Open Source Security

Subgraph is an open source security company

We believe that open source means good security. Security technology needs to be secure, and resilience in the face of public scrutiny is one of the best ways to get there. In this era, most people would not trust a proprietary, obfuscated cryptographic algorithm. So why do they trust proprietary, closed-source security technology?

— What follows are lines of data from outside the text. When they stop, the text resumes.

Lemma joinE M M' s : matching I M -> matching I M' ->
  join I M M' s = if sbetter M M' s then M' s else M s.
Proof.
move=> mM mM'; rewrite /join ffunE /worse_opt.
case: (sbetter_cases s mM mM') => [eqs|b|b].
- by rewrite sbetter_eq // -eqs; case: (M s) => // p; rewrite leqnn.
- rewrite b; move: b; rewrite /sbetter.
  by case: (M s) => [p|]; case: (M' s) => [q|] //= /ltnW ->.
- rewrite (negbTE (sbetter_asym b)); move: b; rewrite /sbetter.
  by case: (M s) => [p|]; case: (M' s) => [q|] //= lt; rewrite leqNgt [_ < _]lt.
Qed.

Lemma meetC M M' : matching I M -> matching I M' -> meet I M M' = meet I M' M.
Proof.
move=> mM mM'; apply/ffunP => s; rewrite !meetE //.
case: (sbetter_cases s mM mM') => [eqs|b|b]; last by rewrite b (negbTE (sbetter_asym b)).
  by rewrite !sbetter_eq.
by rewrite b (negbTE (sbetter_asym b)).
Qed.

Lemma joinC M M' : matching I M -> matching I M' -> join I M M' = join I M' M.
Proof.
move=> mM mM'; apply/ffunP => s; rewrite !joinE //.
case: (sbetter_cases s mM mM') => [eqs|b|b]; last by rewrite b (negbTE (sbetter_asym b)).
  by rewrite !sbetter_eq.
by rewrite b (negbTE (sbetter_asym b)).
Qed.

Lemma meet_pick M M' s : meet I M M' s = M s \/ meet I M M' s = M' s.
Proof.
rewrite /meet ffunE /better_opt.
by case: (M s) => [p|]; case: (M' s) => [q|]; try case: ifP; auto.
Qed.

Lemma join_pick M M' s : join I M M' s = M s \/ join I M M' s = M' s.
Proof.
rewrite /join ffunE /worse_opt.
by case: (M s) => [p|]; case: (M' s) => [q|]; try case: ifP; auto.
Qed.

Lemma prefers_over_meet M M' s p : prefers_over s p (meet I M M' s) ->
  prefers_over s p (M s) /\ prefers_over s p (M' s).
Proof.
rewrite /meet ffunE /better_opt /prefers_over /sprefers.
case: (M s) => [x|]; case: (M' s) => [y|] //=; case: ifP => le lt.
  by split=> //; apply: leq_trans lt le.
by split=> //; apply: ltn_trans lt _; rewrite ltnNge le.
Qed.

Lemma Ml_pick N M M' l t : (forall s, N s = M s \/ N s = M' s) ->
  t \in Ml I N l -> t \in Ml I M l \/ t \in Ml I M' l.
Proof. by move=> pick; rewrite !inE; case: (pick t) => ->; auto. Qed.

Lemma card_Ml_meet M M' l : stable I M -> stable I M' ->
  #|Ml I (meet I M M') l| = #|Ml I M l|.
Proof.
move=> sM sM'; have [mM mM'] := (sM.1, sM'.1).
rewrite -(cardsID (better_off M' M) (Ml I (meet I M M') l)) -(cardsID (better_off M' M) (Ml I M l)).
have -> : Ml I (meet I M M') l :&: better_off M' M = Ml I M' l :&: better_off M' M.
  by apply/setP => s; rewrite !inE meetE //; case: (sbetter M' M s); rewrite ?andbF.
have -> : Ml I (meet I M M') l :\: better_off M' M = Ml I M l :\: better_off M' M.
  by apply/setP => s; rewrite !inE meetE //; case: (sbetter M' M s).
by rewrite (card_Ml_better_off l sM sM').1.
Qed.

Lemma card_Ml_join M M' l : stable I M -> stable I M' ->
  #|Ml I (join I M M') l| = #|Ml I M l|.
Proof.
move=> sM sM'; have [mM mM'] := (sM.1, sM'.1).
rewrite -(cardsID (better_off M M') (Ml I (join I M M') l)) -(cardsID (better_off M M') (Ml I M l)).
have -> : Ml I (join I M M') l :&: better_off M M' = Ml I M' l :&: better_off M M'.
  by apply/setP => s; rewrite !inE joinE //; case: (sbetter M M' s); rewrite ?andbF.
have -> : Ml I (join I M M') l :\: better_off M M' = Ml I M l :\: better_off M M'.
  by apply/setP => s; rewrite !inE joinE //; case: (sbetter M M' s).
by rewrite (card_Ml_better_off l sM sM').2.
Qed.

Lemma Mp_meet M M' p : matching I M -> matching I M' -> favours M M' p ->
  Mp (meet I M M') p = Mp M p.
Proof.
move=> mM mM' fav; apply/setP => s; rewrite !inE meetE //.
case: (boolP (sbetter M' M s)) => // b.
case: eqP => [Ks|_]; first by have := fav s (or_intror Ks); rewrite b.
by case: eqP => // Ks; have := fav s (or_introl Ks); rewrite b.
Qed.

Lemma Mp_join M M' p : matching I M -> matching I M' -> favours M M' p ->
  Mp (join I M M') p = Mp M' p.
Proof.
move=> mM mM' fav; apply/setP => s; rewrite !inE joinE //.
case: (sbetter_cases s mM mM') => [eqs|b|b]; first by rewrite sbetter_eq // eqs.
  by rewrite b.
rewrite (negbTE (sbetter_asym b)).
case: eqP => [Ks|_]; first by have := fav s (or_introl Ks); rewrite b.
by case: eqP => // Ks; have := fav s (or_intror Ks); rewrite b.
Qed.
Lemma modp_Xn_Xn_sub1 (L e : nat) : (0 < L)%N ->
  ('X^e : {poly F}) %% ('X^L - 1) = 'X^(e %% L).
Proof.
move=> L_gt0.
have -> : ('X^e : {poly F}) =
    'X^(e %% L) * (\sum_(i < e %/ L) ('X^L) ^+ i) * ('X^L - 1) + 'X^(e %% L).
  rewrite -mulrA [_ * ('X^L - 1)]mulrC -subrX1 -exprM mulrBr mulr1 -exprD.
  by rewrite subrK addnC mulnC -divn_eq.
by rewrite modp_addl_mul_small // size_Xn_sub_1 // size_polyXn ltnS ltn_mod.
Qed.

Lemma modp_XnM_modn (L N : nat) p : (0 < L)%N ->
  ('X^N * p) %% ('X^L - 1) = ('X^(N %% L) * p) %% ('X^L - 1).
Proof.
by move=> L_gt0; rewrite ![_ * p]mulrC -modp_mul modp_Xn_Xn_sub1.
Qed.

Lemma coef_modp_XnM (L N j : nat) p : (0 < L)%N -> (size p <= L)%N ->
  (('X^N * p) %% ('X^L - 1))`_j = \sum_(a < L) p`_a *+ ((a + N) %% L == j)%N.
Proof.
move=> L_gt0 szp; rewrite {1}(poly_expand szp) mulr_sumr modp_sum coef_sum.
apply: eq_bigr => a _.
by rewrite -scalerAr -exprD modpZl modp_Xn_Xn_sub1 // coefZ coefXn mulr_natr addnC eq_sym.
Qed.

Lemma coef_modp_XnM_add (L N a : nat) p : (0 < L)%N -> (size p <= L)%N ->
  (a < L)%N -> (('X^N * p) %% ('X^L - 1))`_((a + N) %% L) = p`_a.
Proof.
move=> L_gt0 szp ltaL; rewrite coef_modp_XnM //.
under eq_bigr => c _ do rewrite eqn_modDr !modn_small //.
by rewrite (sum_mulrn_eq _ _ (fun c => p`_c)) ltaL.
Qed.

(* [(L - c) %% L] is the residue of [-c]. *)
Lemma hatp_expand (L : nat) q : (0 < L)%N -> (size q <= L)%N ->
  hatp L q = \sum_(c < L) q`_c *: 'X^((L - c) %% L).
Proof.
move=> L_gt0 szq; apply/polyP => j; rewrite coef_poly coef_sum.
under eq_bigr => c _ do rewrite coefZ coefXn mulr_natr.
case: ltnP => ltjL.
  under eq_bigr => c _ do rewrite (eq_negmodC (ltn_ord c) ltjL).
  by rewrite (sum_mulrn_eq _ _ (fun c => q`_c)) ltn_pmod.
rewrite big1 // => c _.
by rewrite gtn_eqF ?mulr0n // (leq_trans _ ltjL) // ltn_pmod.
Qed.

Lemma coef_modp_mul_hatp (L k : nat) p q : (0 < L)%N ->
  (size p <= L)%N -> (size q <= L)%N ->
  ((p * hatp L q) %% ('X^L - 1))`_(k %% L) =
  \sum_(j < L) p`_j * (('X^k * q) %% ('X^L - 1))`_j.
Proof.
move=> L_gt0 szp szq.
transitivity (\sum_(c < L) p`_((c + k) %% L) * q`_c).
  rewrite hatp_expand // {1}(poly_expand szp) mulr_suml.
  under eq_bigr do rewrite mulr_sumr.
  rewrite modp_sum coef_sum.
  under eq_bigr do rewrite modp_sum coef_sum.
  rewrite exchange_big /=.
  apply: eq_bigr => c _.
  under eq_bigr => a _ do rewrite -scalerAl -scalerAr -exprD scalerA modpZl
    modp_Xn_Xn_sub1 // coefZ coefXn mulr_natr eq_modn_add_negmod //.
  by rewrite (sum_mulrn_eq _ _ (fun a => p`_a * q`_c)) ltn_pmod.
under [RHS]eq_bigr => j _ do rewrite coef_modp_XnM // mulr_sumr.
rewrite exchange_big /=; apply: eq_bigr => c _.
under eq_bigr => j _ do rewrite mulrnAr [_ * _]mulrC eq_sym.
by rewrite (sum_mulrn_eq _ _ (fun j => q`_c * p`_j)) ltn_pmod // mulrC.
Qed.

Lemma coef_mul_periodic (l K n : nat) p : (0 < l)%N -> (size p <= l)%N ->
  (p * \sum_(s < K) 'X^(s * l))`_n = p`_(n %% l) *+ (n < K * l)%N.
Proof.
move=> l_gt0 szp.
have coef_term (s : nat) : (p * 'X^(s * l))`_n = p`_(n %% l) *+ (s == n %/ l)%N.
  rewrite coefMXn; have n_eq := divn_eq n l; have := ltn_pmod n l_gt0.
  case: (ltngtP s (n %/ l)) => [lt_s|gt_s|->] lt_r.
  - rewrite ifF; last by apply/negbTE; rewrite -leqNgt; nia.
    by rewrite nth_default //; apply: (leq_trans szp); nia.
  - by rewrite ifT //; nia.
  - by rewrite ifF ?mulr1n; [congr (_`_ _); lia | apply/negbTE; rewrite -leqNgt; lia].
rewrite mulr_sumr coef_sum; under eq_bigr => s _ do rewrite coef_term.
by rewrite (sum_mulrn_eq _ _ (fun _ => p`_(n %% l))) ltn_divLR.
Qed.

Lemma modp_mul_periodic (l L : nat) p : (0 < l)%N -> (l %| L)%N -> (0 < L)%N ->
  (p * \sum_(k < L %/ l) 'X^(k * l)) %% ('X^L - 1) =
  \poly_(n < L) (p %% ('X^l - 1))`_(n %% l).
Proof.
move=> l_gt0 dvd_lL L_gt0.
set T := \sum_(k < L %/ l) _.
have XlT : ('X^l - 1) * T = 'X^L - 1.
  rewrite /T; under eq_bigr do rewrite mulnC exprM.
  by rewrite -subrX1 -exprM mulnC divnK.
have unfold_period : (p %% ('X^l - 1)) * T =
    \poly_(n < L) (p %% ('X^l - 1))`_(n %% l).
  apply/polyP => n.
  by rewrite coef_mul_periodic ?size_modp_Xn_sub1 // coef_poly divnK // mulrb.
rewrite {1}(divp_eq p ('X^l - 1)) mulrDl -mulrA XlT unfold_period.
by rewrite modp_addl_mul_small // size_Xn_sub_1 // ltnS size_poly.
Qed.
(* Let $n,d\ge2$, $c\in\mathbb{C}$, and $f=(x_0^d + c x_1^d : x_1^d : \dots : x_n^d)$, an endomorphism of $\mathbb{P}^n_{\mathbb{C}}$. Then the critical locus $C_f = V(x_0 x_1\cdots x_n)$ is dynamically improper under $f$, and $C_f$ is preperiodic under $f$ if and only if $0$ is preperiodic under $g(z)=z^d+c$.
   Context: The critical locus of $f=(f_0:\dots:f_n)$ is $C_f=V(\det(\partial f_i/\partial x_j))$. A hypersurface $H$ is improper under $f$ if for every irreducible component $Z$ of $H$ there exist integers $0\le i_0<\dots<i_n$ with $f^{i_0}(Z)\cap\dots\cap f^{i_n}(Z)\neq\varnothing$; it is dynamically improper if improper under $f^r$ for every $r>0$. A subvariety $X$ is preperiodic under $f$ if for every irreducible component $Z$ of $X$ there exist distinct $s,t\ge0$ with $f^s(Z)=f^t(Z)$. *)

From HB Require Import structures.
From mathcomp Require Import all_boot all_order all_algebra.
From mathcomp Require Import reals Rstruct.
From mathcomp Require Import complex.
From mathcomp Require Import mpoly.

Set Implicit Arguments.
Unset Strict Implicit.
Unset Printing Implicit Defensive.

Import GRing.Theory.
Local Open Scope ring_scope.

Definition CC : Type := complex Rdefinitions.R.

(* Points of P^n are represented by (nonzero) vectors in C^(n+1);
   a subset of P^n is represented by a predicate on vectors which only
   holds on nonzero vectors and is invariant under nonzero scaling
   (all sets constructed below have this property). *)
Definition vec (n : nat) := 'I_n.+1 -> CC.
Definition pset (n : nat) := vec n -> Prop.

Definition nonzero n (v : vec n) : Prop := exists i, v i != 0.

Definition subset_p n (A B : pset n) : Prop := forall v, A v -> B v.
Definition eq_p n (A B : pset n) : Prop := forall v, A v <-> B v.

Definition zclosed n (X : pset n) : Prop :=
  exists S : {mpoly CC[n.+1]} -> Prop,
    (forall p, S p -> exists k, p \is k.-homog) /\
    forall v, X v <-> (nonzero v /\ forall p, S p -> p.@[v] = 0).

Definition hyp n (p : {mpoly CC[n.+1]}) : pset n :=
  fun v => nonzero v /\ p.@[v] = 0.

Definition zirreducible n (Z : pset n) : Prop :=
  zclosed Z /\ (exists v, Z v) /\
  forall A B : pset n, zclosed A -> zclosed B ->
    subset_p Z (fun v => A v \/ B v) -> subset_p Z A \/ subset_p Z B.

Definition icomponent n (X Z : pset n) : Prop :=
  zirreducible Z /\ subset_p Z X /\
  forall W, zirreducible W -> subset_p Z W -> subset_p W X -> subset_p W Z.

Definition pmap n := 'I_n.+1 -> {mpoly CC[n.+1]}.

Definition evalmap n (f : pmap n) (v : vec n) : vec n := fun i => (f i).@[v].

Definition pimage n (f : pmap n) (A : pset n) : pset n :=
  fun w => nonzero w /\ exists v (l : CC), A v /\ l != 0 /\ w = (fun i => l * evalmap f v i).

Definition piter n (f : pmap n) (k : nat) (A : pset n) : pset n := iter k (pimage f) A.

Definition jacobian n (f : pmap n) : 'M[{mpoly CC[n.+1]}]_(n.+1) :=
  \matrix_(i, j) mderiv j (f i).
Definition critical_locus n (f : pmap n) : pset n := hyp (\det (jacobian f)).

Definition improper_iter n (f : pmap n) (r : nat) (H : pset n) : Prop :=
  forall Z, icomponent H Z ->
    exists idx : 'I_n.+1 -> nat,
      (forall j k : 'I_n.+1, (j < k)%N -> (idx j < idx k)%N) /\
      exists v, forall j, piter f (r * idx j) Z v.

Definition improper n (f : pmap n) (H : pset n) := improper_iter f 1 H.

Definition dyn_improper n (f : pmap n) (H : pset n) : Prop :=
  forall r, (0 < r)%N -> improper_iter f r H.

Definition preperiodic n (f : pmap n) (X : pset n) : Prop :=
  forall Z, icomponent X Z ->
    exists s t : nat, s <> t /\ eq_p (piter f s Z) (piter f t Z).

Definition fmap_c n (d : nat) (c : CC) : pmap n :=
  fun i => if (i : nat) == 0%N then 'X_i ^+ d + c *: 'X_(inord 1) ^+ d
           else 'X_i ^+ d.
Arguments fmap_c : clear implicits.

(* The Jacobian matrix of f is triangular with diagonal entries d x_i^(d-1), so
   C_f is the union of the coordinate hyperplanes H_i = {x_i = 0}; each H_i is
   irreducible (a generic point of the line through two points of H_i avoids
   any two closed sets missing those points), so these are the components of
   C_f.  Each H_i contains a fixed point of f (e_0 if i > 0, e_2 if i = 0),
   hence all its iterates meet and C_f is dynamically improper.  For i > 0,
   f(H_i) = H_i, while f maps the hyperplane {x_0 = a x_1} onto
   {x_0 = g(a) x_1}; as H_0 = {x_0 = 0 x_1}, f^k(H_0) = {x_0 = g^k(0) x_1}, and
   H_0 is preperiodic exactly when 0 is preperiodic under g. *)

From Pilot Require Import Defs.
From HB Require Import structures.
From mathcomp Require Import all_boot all_order all_algebra.
From mathcomp Require Import reals Rstruct complex mpoly ring.
From Stdlib Require Import Classical FunctionalExtensionality PropExtensionality.

Set Implicit Arguments.
Unset Strict Implicit.
Unset Printing Implicit Defensive.

Import GRing.Theory Num.Theory.
Local Open Scope ring_scope.

Lemma mderivXU n (i j : 'I_n) :
  mderiv j ('X_i : {mpoly CC[n]}) = ((i == j)%:R)%:MP.
Proof.
rewrite mderivX mnm1E; case: eqP => [->|_]; last by rewrite scale0r mpolyC0.
have -> : (U_(j) - U_(j) = 0)%MM by apply/mnmP => k; rewrite mnmBE subnn mnm0E.
by rewrite mpolyX0 scale1r mpolyC1.
Qed.

Lemma meval_mderivXn n (v : 'I_n -> CC) (i j : 'I_n) k :
  (mderiv j ('X_i ^+ k : {mpoly CC[n]})).@[v] = (i == j)%:R * k%:R * v i ^+ k.-1.
Proof.
elim: k => [|k IHk]; first by rewrite expr0 -mpolyC1 mderivC meval0 !mulr0 mul0r.
rewrite exprS mderivM mevalD !mevalM IHk mderivXU mevalC mevalXU.
case: k {IHk} => [|k] /=.
  by rewrite !expr0 !mulr0 meval1 !mul0r !mulr1 mulr0 addr0.
rewrite rmorphXn /= mevalXU exprS -!natr1; ring.
Qed.

Lemma inord1_val n : (0 < n)%N -> ((inord 1 : 'I_n.+1) : nat) = 1%N.
Proof. by move=> n_gt0; rewrite inordK. Qed.

Section Zariski.

Variable n : nat.
Implicit Types (A B X Z : pset n) (v w : vec n) (p : {mpoly CC[n.+1]}).

Lemma not_subset_p A B : ~ subset_p A B -> exists2 v, A v & ~ B v.
Proof.
move=> AB_false; apply: NNPP => none; apply: AB_false => v Av.
by apply: NNPP => Bv_false; apply: none; exists v.
Qed.

Lemma zclosed_hyp p k : p \is k.-homog -> zclosed (hyp p).
Proof.
move=> p_homog; exists (eq^~ p); split; first by move=> q ->; exists k.
move=> v; split=> [[v_nz pv]|[v_nz pv]]; split=> //; first by move=> q ->.
exact: pv.
Qed.

Lemma zclosed_eq_p A B : zclosed A -> eq_p A B -> zclosed B.
Proof. by move=> [S [S_homog hA]] eqAB; exists S; split=> // v; rewrite -eqAB. Qed.

Lemma zclosed0 : zclosed (fun _ : vec n => False).
Proof.
have hyp1_closed := zclosed_hyp (dhomog1 CC mdeg).
apply: (zclosed_eq_p hyp1_closed) => v.
by split=> // -[_]; rewrite meval1 => /eqP; rewrite oner_eq0.
Qed.

Lemma not_zero_locus (S : {mpoly CC[n.+1]} -> Prop) X v :
  (forall v, X v <-> nonzero v /\ forall p, S p -> p.@[v] = 0) ->
  nonzero v -> ~ X v -> exists2 p, S p & p.@[v] != 0.
Proof.
move=> hX v_nz Xv_false; apply: NNPP => no_p; apply/Xv_false/hX; split=> // p Sp.
by apply: NNPP => pv; apply: no_p; exists p => //; apply/eqP.
Qed.

(* The union is cut out by the pairwise products of the equations. *)
Lemma zclosedU A B : zclosed A -> zclosed B -> zclosed (fun v => A v \/ B v).
Proof.
move=> [SA [SA_homog hA]] [SB [SB_homog hB]].
exists (fun r => exists p q, [/\ SA p, SB q & r = p * q]); split.
  move=> _ [p [q [/SA_homog [k pk] /SB_homog [l ql] ->]]].
  by exists (k + l)%N; apply: dhomogM.
move=> v; split.
  move=> AvBv; split; first by case: AvBv => [/hA|/hB] [].
  move=> _ [p [q [Sp Sq ->]]]; rewrite mevalM.
  by case: AvBv => [/hA [_ /(_ p Sp) ->]|/hB [_ /(_ q Sq) ->]]; rewrite ?mul0r ?mulr0.
move=> [v_nz hpq]; have [|] := classic (A v); [by left | move=> Av_false; right].
have [p Sp pv] := not_zero_locus hA v_nz Av_false.
apply/hB; split=> // q Sq; apply/eqP.
have /eqP : (p * q).@[v] = 0 by apply: hpq; exists p, q.
by rewrite mevalM mulf_eq0 (negbTE pv).
Qed.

The founders of Subgraph have deep roots in the world of open security research. They have built commercial successful security technology. Subgraph is the product of this experience and a strong belief in the real value of open source software.

David Mirza Ahmad


David has over 10 years in the information security business. He started his professional experience as a founding member of Security Focus, which was acquired by Symantec in 2002. David also moderated the Bugtraq mailing list, a historically important forum for discussion of security vulnerabilities, for over four years. He has spoken at Black Hat, Can Sec West, AusCERT and numerous other security conferences, as well as made contributions to books, magazines and other publications. David also participated in a NIAC working group on behalf of Symantec to develop the first version of the CVSS (Common Vulnerability Scoring System) model and served as editor for the Attack Trends section of IEEE Security & Privacy for over three years. His current obsession is building Subgraph, a Montreal-based open source security startup.

Bruce Leidl


Bruce has been developing innovative network security software for the last 12 years at companies such as Secure Networks, Inc., Network Associates (now McAfee), SecurityFocus (acquired by Symantec), and Core Security Technologies. As a security researcher he has published several vulnerability advisories including an exploitable heap overflow in the TCP reassembly component of the Snort IDS. Bruce was also a principal developer on the open source Netifera platform.